Here is Schanberg's response to Grady, who asked him to expand on the concept of language as a political weapon and also talk a bit about some of the truly 
Orwellian examples of Khmer Rouge "politically correct" speech.

As you point out, language is almost always a casualty when nation-states set out to sell their people on a war. I am not a pacifist. I believe some wars are unavoidable, such as when a power-hungry tyrant decides he wants to swallow you and erase your civilization. But many wars are clearly unnecessary and are perpetrated by regimes solely to amass power and restyle the world in their image, thereby intimidating competitor nations and winning re-election at home. Americans have been living in such madness and its after-shocks for the past decade.
Language is not the only device used in the marketing of wars, but it's a significant one. "Go Shopping" was President George W. Bush's mantra as he took us into the Iraq War. Usually presidents call for austerity and national sacrifice. Not Bush. He told Americans to take the modest tax rebate he had given them and spend it to keep the economy robust. Here we stand, almost a decade later, in our robust economy.

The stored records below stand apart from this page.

(* Let $\Phi$ be a dictionary with coherence $\mu$, let $m\ge1$ with $m<\tfrac12(\mu^{-1}+1)$, and let $y=\Phi x^*$ be an $m$-sparse signal with $\|x^*\|_0\le m$ and support $\Lambda_{opt}$. Let $\beta>0$ with $\|x^*\|_1\le\beta$. Then the iterates $x_k$ of the Frank-Wolfe algorithm for Problem (P$_\beta$) converge to $x^*$ as $k\to\infty$.
   Context: A dictionary is a matrix $\Phi=[\varphi_1,\dots,\varphi_n]\in\mathbb{R}^{d\times n}$ whose columns (atoms) satisfy $\|\varphi_i\|_2=1$. Its coherence is $\mu=\max_{j\neq k}|\langle\varphi_j,\varphi_k\rangle|$. A signal $y\in\mathbb{R}^d$ is $m$-sparse if $y=\Phi x^*$ for some $x^*\in\mathbb{R}^n$ with at most $m$ nonzero entries; when $m<\tfrac12(\mu^{-1}+1)$ such an $x^*$ is unique, and its support is denoted $\Lambda_{opt}$. Problem (P$_\beta$): minimize $f(x)=\tfrac12\|y-\Phi x\|_2^2$ over $B_1(\beta)=\{x\in\mathbb{R}^n:\|x\|_1\le\beta\}$. Frank-Wolfe algorithm for (P$_\beta$): set $x_0=0$. For $k=0,1,2,\dots$: let $r_k=y-\Phi x_k$; choose $i_k\in\arg\max_{i}|\langle\varphi_i,r_k\rangle|$ (any maximizer); set $s_k=\operatorname{sign}(\langle\varphi_{i_k},r_k\rangle)\,\beta\, e_{i_k}$ ($e_i$ the canonical basis vectors, $\operatorname{sign}(0)\in\{\pm1\}$ arbitrary); choose $\gamma_k\in\arg\min_{\gamma\in[0,1]}\|y-\Phi(x_k+\gamma(s_k-x_k))\|_2^2$; set $x_{k+1}=x_k+\gamma_k(s_k-x_k)$. *)

From Stdlib Require Import Reals Lra Lia.
Open Scope R_scope.

(* Vectors in R^k are functions nat -> R (only indices < k matter).
   A d x n matrix Phi is a function Phi i j (row i < d, column j < n). *)

Fixpoint rsum (k : nat) (f : nat -> R) : R :=
  match k with
  | O => 0
  | S k' => rsum k' f + f k'
  end.

(* finite max of f 0, ..., f (k-1), with value 0 on the empty range
   (used only on nonnegative quantities) *)
Fixpoint rmax (k : nat) (f : nat -> R) : R :=
  match k with
  | O => 0
  | S k' => Rmax (rmax k' f) (f k')
  end.

Definition ip (d : nat) (u v : nat -> R) : R := rsum d (fun i => u i * v i).
Definition norm2 (d : nat) (u : nat -> R) : R := sqrt (ip d u u).
Definition norm1 (n : nat) (x : nat -> R) : R := rsum n (fun j => Rabs (x j)).

Fixpoint l0 (n : nat) (x : nat -> R) : nat :=
  match n with
  | O => O
  | S n' => (l0 n' x + if Req_EM_T (x n') 0 then 0 else 1)%nat
  end.

Definition col (Phi : nat -> nat -> R) (j : nat) : nat -> R := fun i => Phi i j.

Definition mulv (n : nat) (Phi : nat -> nat -> R) (x : nat -> R) : nat -> R :=
  fun i => rsum n (fun j => Phi i j * x j).

Definition vsub (u v : nat -> R) : nat -> R := fun i => u i - v i.

Definition e_vec (i : nat) : nat -> R := fun j => if Nat.eq_dec j i then 1 else 0.

Definition dictionary (d n : nat) (Phi : nat -> nat -> R) : Prop :=
  forall j, (j < n)%nat -> norm2 d (col Phi j) = 1.

(* coherence  mu = max_{j <> k} |<phi_j, phi_k>|  (0 if n <= 1) *)
Definition coherence (d n : nat) (Phi : nat -> nat -> R) : R :=
  rmax n (fun j => rmax n (fun k =>
    if Nat.eq_dec j k then 0 else Rabs (ip d (col Phi j) (col Phi k)))).

Definition fobj (d n : nat) (Phi : nat -> nat -> R) (y x : nat -> R) : R :=
  / 2 * (norm2 d (vsub y (mulv n Phi x))) ^ 2.

(* One Frank-Wolfe step from xk to xk1 for (P_beta), with any admissible
   choice of maximizer i_k, of sign (arbitrary when the correlation is 0),
   and of step gamma_k in the argmin over [0,1]. *)
Definition fw_step (d n : nat) (Phi : nat -> nat -> R) (y : nat -> R) (beta : R)
    (xk xk1 : nat -> R) : Prop :=
  let r := vsub y (mulv n Phi xk) in
  exists (ik : nat) (sg gam : R),
    (ik < n)%nat /\
    (forall i, (i < n)%nat -> Rabs (ip d (col Phi i) r) <= Rabs (ip d (col Phi ik) r)) /\
    (sg = 1 \/ sg = -1) /\
    (0 < ip d (col Phi ik) r -> sg = 1) /\
    (ip d (col Phi ik) r < 0 -> sg = -1) /\
    let sk := fun j => sg * beta * e_vec ik j in
    let upd := fun g : R => fun j => xk j + g * (sk j - xk j) in
    0 <= gam <= 1 /\
    (forall g, 0 <= g <= 1 ->
       fobj d n Phi y (upd gam) <= fobj d n Phi y (upd g)) /\
    xk1 = upd gam.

During the Vietnam War, military briefers called napalm "soft ordnance." After the war, the Pentagon announced that, because of the bad reputation of napalm, it had decided to end the use of the incendiary weapon. But then they started using it again in the first Gulf War in 1991 and again in Iraq. Oh, no, they told the press, those "fire bombs" aren't napalm. Translation: One chemical in the napalm mixture had been altered. Thus, they said, it can't be called napalm anymore. By the way, the effect of that chemical alteration now causes the weapon to burn its human targets more fiercely.

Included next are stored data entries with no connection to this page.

(* Let $A, C, D$ be binary random variables, with $A$ taking values $a,\overline{a}$, $C$ taking values $c,\overline{c}$, $D$ taking values $d,\overline{d}$, and let $Y$ be a real random variable with finite expectation. Suppose the joint distribution factorizes as \[ p(A,C,D,Y)=p(D)\,p(C\mid D)\,p(A\mid C)\,p(Y\mid A,C). \] Assume that $C$ and $D$ are dependent, and that every event $\{A=x, C=y, D=z\}$ has positive probability. If $E[Y\mid A,D]$ is monotone in $D$, then $RD_{obs}$ lies between $RD_{true}$ and $RD_{crude}$.
   Context: $RD_{true}=E[Y|a,c]p(c)+E[Y|a,\overline{c}]p(\overline{c})-E[Y|\overline{a},c]p(c)-E[Y|\overline{a},\overline{c}]p(\overline{c})$; $RD_{crude}=E[Y|a]-E[Y|\overline{a}]$; $RD_{obs}=E[Y|a,d]p(d)+E[Y|a,\overline{d}]p(\overline{d})-E[Y|\overline{a},d]p(d)-E[Y|\overline{a},\overline{d}]p(\overline{d})$. $E[Y\mid A,D]$ is nondecreasing in $D$ if $E[Y\mid a,d]\ge E[Y\mid a,\overline{d}]$ and $E[Y\mid \overline{a},d]\ge E[Y\mid \overline{a},\overline{d}]$; nonincreasing if both inequalities are reversed; monotone if it is either. *)

From mathcomp Require Import all_boot all_order all_algebra.
From mathcomp Require Import all_classical all_reals all_analysis.
Set Implicit Arguments. Unset Strict Implicit. Unset Printing Implicit Defensive.
Import Order.TTheory GRing.Theory Num.Theory.
Local Open Scope classical_set_scope.
Local Open Scope ring_scope.

(* Binary random variables are encoded by the event where they take their
   "unbarred" value: A = a on the set [A], A = abar on its complement. *)
Definition ev {T : Type} (X : set T) (b : bool) : set T :=
  if b then X else ~` X.

Definition pr {d} {T : measurableType d} {R : realType}
  (P : probability T R) (S : set T) : R := fine (P S).

Definition condE {d} {T : measurableType d} {R : realType}
  (P : probability T R) (Y : T -> R) (S : set T) : R :=
  fine (\int[P]_(x in S) (Y x)%:E) / pr P S.
Lemma full_radix2_block a c d : a < s -> c < d < s -> a != c -> a != d ->
  block_injective M [:: a] [:: c; d].
Proof.
case: a c d => [|[|a]] [|[|c]] [|[|d]] a_lt /andP[cd d_lt] ac ad; try by exfalso; lia.
- by case: (latin_blocks d_lt).
- by case: (pair_blocks (_ : c.+2 < s) d_lt _) => //; lia.
- by case: (latin_blocks d_lt).
- by case: (pair_blocks (_ : c.+2 < s) d_lt _) => //; lia.
- by case: (sudoku_blocks (M_sudoku (_ : a < s - 2))) => //; lia.
- by case: (pair_blocks d_lt a_lt _) => //; lia.
- by case: (pair_blocks d_lt a_lt _) => //; lia.
- by case: (triple_blocks (_ : c.+2 < s) d_lt a_lt _ _ _) => //; lia.
Qed.

Lemma radix4_block a b c d : a < b < c -> c < d < s -> block_injective M [::] [:: a; b; c; d].
Proof.
case: a b c d => [|[|a]] [|[|b]] [|[|c]] [|[|d]] /andP[ab bc] /andP[cd d_lt];
  try by exfalso; lia.
- by case: (pair_blocks (_ : c.+2 < s) d_lt _) => //; lia.
- by case: (triple_blocks (_ : b.+2 < s) (_ : c.+2 < s) d_lt _ _ _) => //; lia.
- by case: (triple_blocks (_ : b.+2 < s) (_ : c.+2 < s) d_lt _ _ _) => //; lia.
- by apply: quadruple_block => //=; rewrite ?inE; lia.
Qed.

Lemma blocks_of_conditions D S : block s D S -> block_injective M D S.
Proof.
move=> blk x y.
rewrite -(block_agree_perm M (permEl (perm_sort leq D)) (permEl (perm_sort leq S))).
move: x y; have /and3P[uDS DSs size4] := block_sort blk.
have sorted_sort T : uniq T -> sorted ltn (sort leq T).
  by move=> uT; rewrite ltn_sorted_uniq_leq sort_uniq uT (sort_sorted leq_total).
move: blk; rewrite /block cat_uniq => /and3P[/and3P[/sorted_sort sD _ /sorted_sort sS] _ _].
move: sD sS uDS DSs size4.
case: (sort leq D) (sort leq S) => [|a [|b [|? ?]]] [|c [|d [|e [|f [|? ?]]]]] //=;
  rewrite !inE => *.
- by apply: radix4_block; lia.
- by apply: full_radix2_block; lia.
- by apply: full2_block; lia.
Qed.

End Blocks_of_conditions.
(* Assume A or B, let $e\in E_H$, and let $\lambda>0$ satisfy $\mathbb{P}(\omega_e\ge\lambda)>0$. If $A\subset\Omega_H$ is $e$-increasing with $\mathbb{P}(A)>0$, then $\mathbb{P}(A\cap\{\omega_e\ge\lambda\})>0$.
   Context: $V_H=\{(x_1,x_2)\in\mathbb{Z}^2:x_2\ge0\}$, $E_H$ its nearest-neighbour edges, $\Omega_H=[0,\infty)^{E_H}$; write $\omega=(\omega_e,\check\omega)$ with $\check\omega=(\omega_f)_{f\ne e}$. An event $A\subset\Omega_H$ is $e$-increasing if $(\omega_e,\check\omega)\in A$ and $r>0$ imply $(\omega_e+r,\check\omega)\in A$. A probability measure on $[0,\infty)^{E'}$ has the upward finite energy property if for each $e\in E'$ and $\lambda$ with $\mathbb{P}(\omega_e\ge\lambda)>0$, $\mathbb{P}(\omega_e\ge\lambda\mid\check\omega)>0$ almost surely. Assumption A: $\mathbb{P}$ is a product measure on $\Omega_H$ with i.i.d. continuous marginals. Assumption B: $\mathbb{P}$ is the restriction to $E_H$ of a measure $\hat{\mathbb{P}}$ on $[0,\infty)^{\mathcal{E}^2}$ with the upward finite energy property that is ergodic under $\mathbb{Z}^2$-translations, invariant under all symmetries of $\mathbb{Z}^2$, has $\int\omega_e^{2+\alpha}d\hat{\mathbb{P}}<\infty$ for some $\alpha>0$, unique passage times, and bounded limit shape. *)

From HB Require Import structures.
From mathcomp Require Import all_boot all_order all_algebra.
From mathcomp Require Import all_classical all_reals all_analysis.
Set Implicit Arguments. Unset Strict Implicit. Unset Printing Implicit Defensive.
Import Order.TTheory GRing.Theory Num.Theory.
Local Open Scope classical_set_scope.
Local Open Scope ring_scope.

Definition vtx := (int * int)%type.

(* Nearest-neighbour edges of Z^2 (the set \mathcal{E}^2):
   (v, false) is the edge {v, v + (1,0)}, (v, true) is the edge {v, v + (0,1)}.
   Every nearest-neighbour edge has exactly one such representation. *)
Definition edge2 := (vtx * bool)%type.

Definition ends (e : edge2) : vtx * vtx :=
  (e.1, if e.2 then (e.1.1, e.1.2 + 1) else (e.1.1 + 1, e.1.2)).

(* E_H : edges with both endpoints in V_H = {x_2 >= 0}; for the representation
   above this means exactly that the base vertex has x_2 >= 0. *)
Definition in_EH (e : edge2) : bool := 0 <= e.1.2.
Definition EH := {e : edge2 | in_EH e}.

Definition adj (u v : vtx) : bool := `|u.1 - v.1| + `|u.2 - v.2| == 1.

Definition edge_of (u v : vtx) : edge2 :=
  if v == (u.1 + 1, u.2) then (u, false)
  else if v == (u.1, u.2 + 1) then (u, true)
  else if u == (v.1 + 1, v.2) then (v, false)
  else (v, true).

Section Config.
Variable R : realType.

Definition rcfg (E : Type) := E -> R.
HB.instance Definition _ (E : Type) := gen_eqMixin (rcfg E).
HB.instance Definition _ (E : Type) := gen_choiceMixin (rcfg E).
HB.instance Definition _ (E : Type) := isPointed.Build (rcfg E) (fun _ => 0).

Definition coord_gen (E : Type) (S : set E) : set (set (rcfg E)) :=
  \bigcup_(f in S) preimage_set_system [set: rcfg E] (fun w => w f) measurable.

Definition cfg (E : Type) := g_sigma_algebraType (coord_gen [set: E]).
HB.instance Definition _ (E : Type) :=
  Measurable.copy (cfg E) (g_sigma_algebraType (coord_gen [set: E])).

Definition nonneg_cfg (E : Type) : set (cfg E) := [set w | forall f, 0 <= w f].

Variable E : eqType.

Definition upd (w : cfg E) (e : E) (t : R) : cfg E :=
  fun f => if f == e then t else w f.

Definition e_increasing (e : E) (A : set (cfg E)) : Prop :=
  forall (w : cfg E) (r : R), A w -> 0 < r -> A (upd w e (w e + r)).

Definition Wge (e : E) (lam : R) : set (cfg E) := [set w | lam <= w e].

Definition check_sigma (e : E) : set (set (cfg E)) :=
  <<s coord_gen [set f | f != e] >>.

Definition cond_prob_version (P : probability (cfg E) R)
    (G : set (set (cfg E))) (C : set (cfg E)) (g : cfg E -> R) : Prop :=
  (forall B : set R, measurable B -> G (g @^-1` B)) /\
  (forall S, G S -> P (C `&` S) = (\int[P]_(w in S) (g w)%:E)%E).

Definition upward_finite_energy (P : probability (cfg E) R) : Prop :=
  forall (e : E) (lam : R), (0 < P (Wge e lam))%E ->
    exists g : cfg E -> R,
      cond_prob_version P (check_sigma e) (Wge e lam) g /\
      {ae P, forall w, 0 < g w}.

Definition iid_continuous_product (P : probability (cfg E) R) : Prop :=
  exists mu : probability R R,
    (forall x : R, mu [set x] = 0%E) /\
    forall (F : seq E) (B : E -> set R), uniq F ->
      (forall f, measurable (B f)) ->
      P [set w | forall f, f \in F -> B f (w f)] = (\prod_(f <- F) mu (B f))%E.

End Config.
Arguments nonneg_cfg : clear implicits.

Section FPP.
Variable R : realType.

Fixpoint ptime (w : cfg R edge2) (x : vtx) (p : seq vtx) : R :=
  match p with
  | [::] => 0
  | y :: q => w (edge_of x y) + ptime w y q
  end.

This is probably a good moment to raise the question of whether the United States is more bestial in war than other nations. From my years of covering wars close-up, the answer is no. Ours is one of the world's more disciplined military forces. It's war that by definition is bestial and insane. That's why presidents and politicians always say they consider war only as a last resort -- even when there is no evidence that they had considered any other options first.

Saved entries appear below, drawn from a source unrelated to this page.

Lemma index_cases (k l : Z) :
  (k = 0 /\ l = 0)%Z \/ (l = 0 /\ (k = 1 \/ k = -1))%Z \/
  ((k = 0 /\ l = 1) \/ (k = 1 /\ l = -1) \/ (k = 0 /\ l = -1) \/ (k = -1 /\ l = 1))%Z \/
  tail_index k l.
Proof.
  unfold tail_index.
  destruct (Z_le_gt_dec 2 (Z.abs l)); [right; right; right; left; nia|].
  assert (Hl : (l = 0 \/ l = 1 \/ l = -1)%Z) by lia.
  destruct (Z_le_gt_dec 2 (Z.abs k)); [destruct Hl as [-> | [-> | ->]]; nia|].
  assert (Hk : (k = 0 \/ k = 1 \/ k = -1)%Z) by lia.
  destruct Hl as [-> | [-> | ->]], Hk as [-> | [-> | ->]]; lia.
Qed.

Lemma expo_tail (al y : R) (k l : Z) : 0 <= al -> sqrt 3 / 2 <= y <= 98/100 -> tail_index k l ->
  expo al y (IZR k) (IZR l)
  <= - PI * al / y - PI * al - PI * al * quad_size (IZR k) (IZR l) / 12.
Proof.
  intros Hal Hy Htail. destruct (inv_bounds_near_sqrt3 y Hy) as (Hy0 & Hz & _).
  assert (S3 := sqrt3_bounds).
  rewrite expo_eq by lra. unfold quad_size.
  replace (2 * IZR k + IZR l) with (IZR (2 * k + l)) by (now rewrite plus_IZR, mult_IZR).
  assert (Hsq : forall a : Z, IZR a ^ 2 = IZR (a * a)) by (intros; rewrite mult_IZR; ring).
  rewrite !Hsq.
  set (M := IZR ((2 * k + l) * (2 * k + l))). set (L2 := IZR (l * l)).
  assert (Hkey : / y + 1 + (M + L2) / 12 <= M / 4 * / y + y * L2).
  { assert (HM : 0 <= M) by (unfold M; rewrite <- Hsq; apply pow2_ge_0).
    destruct Htail as [H | [[H1 H2] | [H1 H2]]].
    - apply IZR_le in H. fold L2 in H. nra.
    - apply IZR_le in H2. fold M in H2. unfold L2. rewrite H1. nra.
    - apply IZR_le in H2. fold M in H2. unfold L2. subst l. simpl. nra. }
  assert (HPI := PI_3_4).
  assert (PI * al * (/ y + 1 + (M + L2) / 12) <= PI * al * (M / 4 * / y + y * L2))
    by (apply Rmult_le_compat_l; nra).
  replace (- PI * al / y - PI * al - PI * al * (M + L2) / 12)
    with (- (PI * al * (/ y + 1 + (M + L2) / 12))) by (field; lra).
  lra.
Qed.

Henry Kissinger's embrace of the word "realpolitik" was an effort to paint himself as a patriotic pragmatist and not as a man who cared little about the lives of the weak and powerless. I witnessed his handiwork in Cambodia, a small country trying to stay out of the Vietnam War. The Kissinger-Nixon military "incursion" into the country in 1970 -- an attempt to clean out North Vietnamese sanctuaries and supply lines -- dragged Cambodia full bore into the conflict. The weak Khmer Rouge communists then used the heavy American bombing as a recruiting tool in the countryside, a pattern that we have seen in Iraq and now in Afghanistan and Pakistan.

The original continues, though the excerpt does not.